I have used this alot in previous web projects.
But i havent used the combination of both yet.
EDIT: I've sais this in a comment, but setting both those properties does work in my tests. It keeps the ratio and resizes by the limit it reaches first. Do not set any width or height properties, these might cause problems
JavaScript is quite fast, so why not try it?
I'd just stick to finding the aspect ratio and adding some checks:
var width = image.width;
var height = image.height;
var ratio = width / height;
if (width > 120) {
width = 120;
height = 120 * ratio;
} else if (height > 80) {
height = 80;
width = 80 * ratio;
}
image.width = width + 'px';
image.height = height + 'px';
As you seem to be using PHP, ImageMagick can resize an image to fit inside of a predefined box. I only know how to do it via CLI, as I don't use PHP, but I bet the PHP code would be simple.

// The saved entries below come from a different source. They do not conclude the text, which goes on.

(* There exist a precompact TAP group $G$ and a countably compact $G^\star$-regular space $X$ such that $C_p(X,G)$ is not TAP.
   Context: All spaces are Tychonoff and non-empty; topological groups are Hausdorff; $e$ denotes the identity. A topological group is precompact if it is a subgroup of some compact group. $C_p(X,G)$ is the group of all continuous maps $X\to G$ with pointwise operations and the topology of pointwise convergence. $X$ is $G^\star$-regular if there exists $g\in G\setminus\{e\}$ such that for every closed $F\subseteq X$ and every $x\in X\setminus F$ there is $f\in C_p(X,G)$ with $f(x)=g$ and $f(F)\subseteq\{e\}$. A subset $A$ of a topological group $H$ is absolutely productive in $H$ if for every injection $a:\mathbb{N}\to A$ and every map $z:\mathbb{N}\to\mathbb{Z}$ the sequence $\left(\prod_{n=0}^{k}a(n)^{z(n)}\right)_{k\in\mathbb{N}}$ converges in $H$; $H$ is TAP if every absolutely productive subset of $H$ is finite. *)

From HB Require Import structures.
From mathcomp Require Import all_boot all_order all_algebra.
From mathcomp Require Import all_classical all_reals all_analysis.
From mathcomp Require Import Rstruct Rstruct_topology.
Set Implicit Arguments. Unset Strict Implicit. Unset Printing Implicit Defensive.
Import Order.TTheory GRing.Theory Num.Theory.
Local Open Scope classical_set_scope.

Record TopGroup := {
  tg_T :> topologicalType;
  tg_mul : tg_T -> tg_T -> tg_T;
  tg_inv : tg_T -> tg_T;
  tg_one : tg_T;
  tg_mulA : forall x y z, tg_mul x (tg_mul y z) = tg_mul (tg_mul x y) z;
  tg_mul1g : forall x, tg_mul tg_one x = x;
  tg_mulVg : forall x, tg_mul (tg_inv x) x = tg_one;
  tg_cont : continuous (fun p : tg_T * tg_T => tg_mul p.1 (tg_inv p.2));
  tg_hausdorff : hausdorff_space tg_T }.

Definition zpow {H : Type} (mul : H -> H -> H) (inv : H -> H) (one : H)
  (x : H) (z : int) : H :=
  match z with
  | Posz n => iter n (mul x) one
  | Negz n => iter n.+1 (mul (inv x)) one
  end.

Definition partial_prod {H : Type} (mul : H -> H -> H) (inv : H -> H) (one : H)
  (a : nat -> H) (z : nat -> int) (k : nat) : H :=
  foldl (fun acc n => mul acc (zpow mul inv one (a n) (z n))) one (iota 0 k.+1).

(* A is absolutely productive in the subgroup S of the topological group
   (H, mul, inv, one), S carrying the subspace topology: convergence in S
   means convergence in H to a limit lying in S. *)
Definition abs_productive_in {H : topologicalType} (mul : H -> H -> H)
  (inv : H -> H) (one : H) (S : set H) (A : set H) : Prop :=
  forall (a : nat -> H) (z : nat -> int),
    injective a -> (forall n, A (a n)) ->
    exists2 l : H, S l & partial_prod mul inv one a z @ \oo --> l.

Definition TAP_in {H : topologicalType} (mul : H -> H -> H)
  (inv : H -> H) (one : H) (S : set H) : Prop :=
  forall A : set H, A `<=` S -> abs_productive_in mul inv one S A -> finite_set A.

Definition TAP (G : TopGroup) : Prop :=
  TAP_in (@tg_mul G) (@tg_inv G) (@tg_one G) setT.

(* Precompact: topologically isomorphic to a subgroup of a compact group. *)
Definition precompact_group (G : TopGroup) : Prop :=
  exists (K : TopGroup) (j : G -> K),
    compact [set: K] /\
    injective j /\
    (forall x y, j (tg_mul x y) = tg_mul (j x) (j y)) /\
    continuous j /\
    (forall U : set G, open U -> exists2 V : set K, open V & j @^-1` V = U).

Definition tychonoff_space (X : topologicalType) : Prop :=
  accessible_space X /\
  forall (B : set X) (x : X), closed B -> ~ B x ->
    exists f : X -> Rdefinitions.R, continuous f /\ f x = 0%R /\ f @` B `<=` [set 1%R].

Definition countably_compact (X : topologicalType) : Prop :=
  forall U : nat -> set X, (forall n, open (U n)) ->
    [set: X] `<=` \bigcup_n U n ->
    exists N : nat, [set: X] `<=` \bigcup_(n in `I_N) U n.

Definition Gstar_regular (G : TopGroup) (X : topologicalType) : Prop :=
  exists2 g : G, g <> tg_one G &
    forall (F : set X) (x : X), closed F -> ~ F x ->
      exists f : X -> G, continuous f /\ f x = g /\ f @` F `<=` [set tg_one G].

(* C_p(X,G): the subgroup of continuous maps inside G^X with the pointwise
   (product) topology and pointwise operations. *)
Definition Cp_TAP (X : topologicalType) (G : TopGroup) : Prop :=
  @TAP_in {ptws X -> G}
    (fun f g x => tg_mul (f x) (g x))
    (fun f x => tg_inv (f x))
    (fun _ => tg_one G)
    [set f | continuous (f : X -> G)].

From HB Require Import structures.
From mathcomp Require Import all_boot all_order all_algebra.
From mathcomp Require Import all_classical all_reals all_analysis.
From mathcomp Require Import Rstruct Rstruct_topology.
Set Implicit Arguments. Unset Strict Implicit. Unset Printing Implicit Defensive.
Local Open Scope classical_set_scope.

(* G is the countable Boolean group of finitely supported 0/1-sequences with the
   topology of the Cantor group (Z/2)^N, hence precompact.  An infinite
   absolutely productive set would contain an injective sequence a whose terms
   tend to 0 coordinatewise (take all exponents 1), while by pigeonhole the
   supports of the a n reach arbitrarily far; a diagonal subsequence with
   a (n_j) (i_k) = [j == k] then has a product whose limit is 1 at every i_k,
   so it is not finitely supported.
   X is the convergent sequence N + {oo}.  The maps delta n, equal to the unit
   vector e_n at n and to 0 elsewhere, are continuous; every signed product of
   distinct ones converges pointwise to a map sending n to e_n or 0 and oo to 0,
   which is continuous because e_n -> 0 in G. *)

Section PartialProdMorph.
Variables (H H' : Type).
Variables (mul : H -> H -> H) (inv : H -> H) (one : H).
Variables (mul' : H' -> H' -> H') (inv' : H' -> H') (one' : H').
Variable phi : H -> H'.
Hypothesis phiM : forall x y, phi (mul x y) = mul' (phi x) (phi y).
Hypothesis phiV : forall x, phi (inv x) = inv' (phi x).
Hypothesis phi1 : phi one = one'.

Lemma zpow_morph x z : phi (zpow mul inv one x z) = zpow mul' inv' one' (phi x) z.
Proof.
have phiX y n : phi (iter n (mul y) one) = iter n (mul' (phi y)) one'.
  by elim: n => //= n IH; rewrite phiM IH.
by case: z => n; rewrite /zpow phiX ?phiV.
Qed.

Lemma partial_prod_morph a z k :
  phi (partial_prod mul inv one a z k) = partial_prod mul' inv' one' (phi \o a) z k.
Proof.
have foldl_morph acc s :
    phi (foldl (fun acc n => mul acc (zpow mul inv one (a n) (z n))) acc s) =
    foldl (fun acc n => mul' acc (zpow mul' inv' one' (phi (a n)) (z n))) (phi acc) s.
  by elim: s acc => //= n s IH acc; rewrite IH phiM zpow_morph.
by rewrite /partial_prod foldl_morph phi1.
Qed.

End PartialProdMorph.

Lemma partial_prodS {H : Type} (mul : H -> H -> H) inv one a z k :
  partial_prod mul inv one a z k.+1 =
  mul (partial_prod mul inv one a z k) (zpow mul inv one (a k.+1) (z k.+1)).
Proof. by rewrite /partial_prod -addn1 iotaD foldl_cat /= add0n. Qed.

Lemma zpow_addb b z : zpow addb id false b z = b && odd `|z|%N.
Proof.
have iter_addb n : iter n (addb b) false = b && odd n.
  by elim: n => [|n /= ->]; [rewrite andbF | case: b; case: (odd n)].
by case: z => n; rewrite /zpow iter_addb.
Qed.

Lemma partial_prod_addb t z k :
  partial_prod addb id false t z k = \big[addb/false]_(n < k.+1) (t n && odd `|z n|%N).
Proof.
elim: k => [|k IH]; first by rewrite big_ord_recr big_ord0 /partial_prod /= zpow_addb.
by rewrite partial_prodS big_ord_recr IH zpow_addb.
Qed.

Lemma big_addb_supp1 (t : nat -> bool) n0 k :
  (forall n, n != n0 -> t n = false) ->
  \big[addb/false]_(n < k.+1) t n = (n0 <= k)%N && t n0.
Proof.
move=> t0; have [n0k|kn0] := leqP n0 k.
  rewrite (bigD1 (Ordinal (n0k : (n0 < k.+1)%N))) //= big1 ?addbF // => n.
  by move=> nn0; apply: t0; apply: contra nn0 => /eqP e; apply/eqP/val_inj.
by rewrite big1 // => n _; apply: t0; rewrite neq_ltn (leq_trans (ltn_ord n)).
Qed.

Lemma ptws_cvgP (I : eqType) (T : topologicalType) (F : set_system {ptws I -> T})
    (FF : Filter F) (f : {ptws I -> T}) :
  F --> f <-> forall i, (fun g : {ptws I -> T} => g i) @ F --> f i.
Proof.
have proj_surj i : (fun g : {ptws I -> T} => g i) @` setT = setT.
  by rewrite eqEsubset; split => // y _; exists (dfwith f i y); rewrite ?dfwithin.
split=> [Ff i|Fi]; first exact: cvg_trans (cvg_app _ Ff) (@proj_continuous I _ i f).
apply/cvg_sup => i; apply/cvg_image; first exact: proj_surj.
apply: cvg_trans (Fi i) => Q /= FQ; exists ((fun g : {ptws I -> T} => g i) @^-1` Q) => //.
by rewrite image_preimage ?proj_surj.
Qed.

Local Notation C := cantor_space.

Lemma cantor_cvgP (T : Type) (F : set_system T) (FF : Filter F) (u : T -> C) (f : C) :
  u @ F --> f <-> forall i, \forall x \near F, u x i = f i.
Proof.
rewrite (@ptws_cvgP nat bool (u @ F) _ f).
by split=> h i; apply/(@discrete_cvg bool _ _ (fmap_filter _ _)); exact: h.
Qed.

Definition cantor_mul (f g : C) : C := fun i => f i (+) g i.
Definition cantor_one : C := fun=> false.

Lemma cantor_mul_continuous (Y : topologicalType) (u v : Y -> C) :
  continuous u -> continuous v -> continuous (fun y => cantor_mul (u y) (v y)).
Proof.
move=> cu cv y; apply/cantor_cvgP => i.
have /cantor_cvgP/(_ i) uy := cu y; have /cantor_cvgP/(_ i) vy := cv y.
by near=> x; rewrite /cantor_mul (near uy x) ?(near vy x).
Unshelve. all: by end_near.
Qed.

Lemma cantor_mulA (f g h : C) : cantor_mul f (cantor_mul g h) = cantor_mul (cantor_mul f g) h.
Proof. by apply/funext => i; rewrite /cantor_mul addbA. Qed.

Lemma cantor_mul1 (f : C) : cantor_mul cantor_one f = f.
Proof. by []. Qed.

Lemma cantor_mulVf (f : C) : cantor_mul (id f) f = cantor_one.
Proof. by apply/funext => i; rewrite /cantor_mul addbb. Qed.

Lemma cantor_mulV_continuous : continuous (fun p : C * C => cantor_mul p.1 (id p.2)).
Proof. by apply: cantor_mul_continuous => p; [exact: cvg_fst | exact: cvg_snd]. Qed.

Definition cantor_group : TopGroup :=
  Build_TopGroup cantor_mulA cantor_mul1 cantor_mulVf cantor_mulV_continuous
    cantor_space_hausdorff.

Lemma continuous_inj_hausdorff (A B : topologicalType) (j : A -> B) :
  injective j -> continuous j -> hausdorff_space B -> hausdorff_space A.
Proof.
move=> ij cj hB p q pq; apply: ij; apply: hB => U V /= pU qV.
have [x [Ux Vx]] := pq _ _ (cj _ _ pU) (cj _ _ qV).
by exists (j x).
Qed.

Definition finsupp (f : C) : Prop := exists M, forall i, (M <= i)%N -> f i = false.

Lemma finsupp_mul (f g : C) : finsupp f -> finsupp g -> finsupp (cantor_mul f g).
Proof.
move=> [M fM] [N gN]; exists (maxn M N) => i; rewrite geq_max => /andP[Mi Ni].
by rewrite /cantor_mul fM ?gN.
Qed.

Lemma finsupp1 : finsupp cantor_one.
Proof. by exists 0%N. Qed.

Definition G := set_type finsupp.
HB.instance Definition _ := Topological.on G.

Definition gval : G -> C := @set_val C finsupp.
Definition gmul (x y : G) : G :=
  SigSub (mem_set (finsupp_mul (set_valP x) (set_valP y))).
Definition gone : G := SigSub (mem_set finsupp1).

Lemma gval_inj : injective gval.
Proof. by move=> x y; rewrite /gval set_valE; exact: val_inj. Qed.

Lemma gval_continuous : continuous gval.
Proof. exact: initial_continuous. Qed.

Lemma gval_finsupp (x : G) : finsupp (gval x).
Proof. by rewrite /gval set_valE; exact: set_valP. Qed.

Lemma gvalM (x y : G) : gval (gmul x y) = cantor_mul (gval x) (gval y).
Proof. by []. Qed.

Lemma gmulA (x y z : G) : gmul x (gmul y z) = gmul (gmul x y) z.
Proof. by apply: gval_inj; rewrite !gvalM cantor_mulA. Qed.

Lemma gmul1 (x : G) : gmul gone x = x.
Proof. exact: gval_inj. Qed.

Lemma gmulVg (x : G) : gmul (id x) x = gone.
Proof. by apply: gval_inj; rewrite gvalM cantor_mulVf. Qed.

Lemma gmulV_continuous : continuous (fun p : G * G => gmul p.1 (id p.2)).
Proof.
apply: (@continuous_comp_initial _ _ _ gval).
apply: cantor_mul_continuous => p; apply: continuous_comp; try exact: gval_continuous.
  exact: cvg_fst.
exact: cvg_snd.
Qed.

I was actually searching for an answer to a different query but came across yours.
I use this to resize images which I am finding is very handy in a number of my scripts, but what I would suggest is that you resize the image to a little bigger than the longest side of the container and then use css to center the image both horizontally and vertically and set the container with overflow:hidden;
You lose a small bit of the image around the edges but at least they are all inserted without any stretching or squashing.
Hope that helps you or anyone else trying something similar.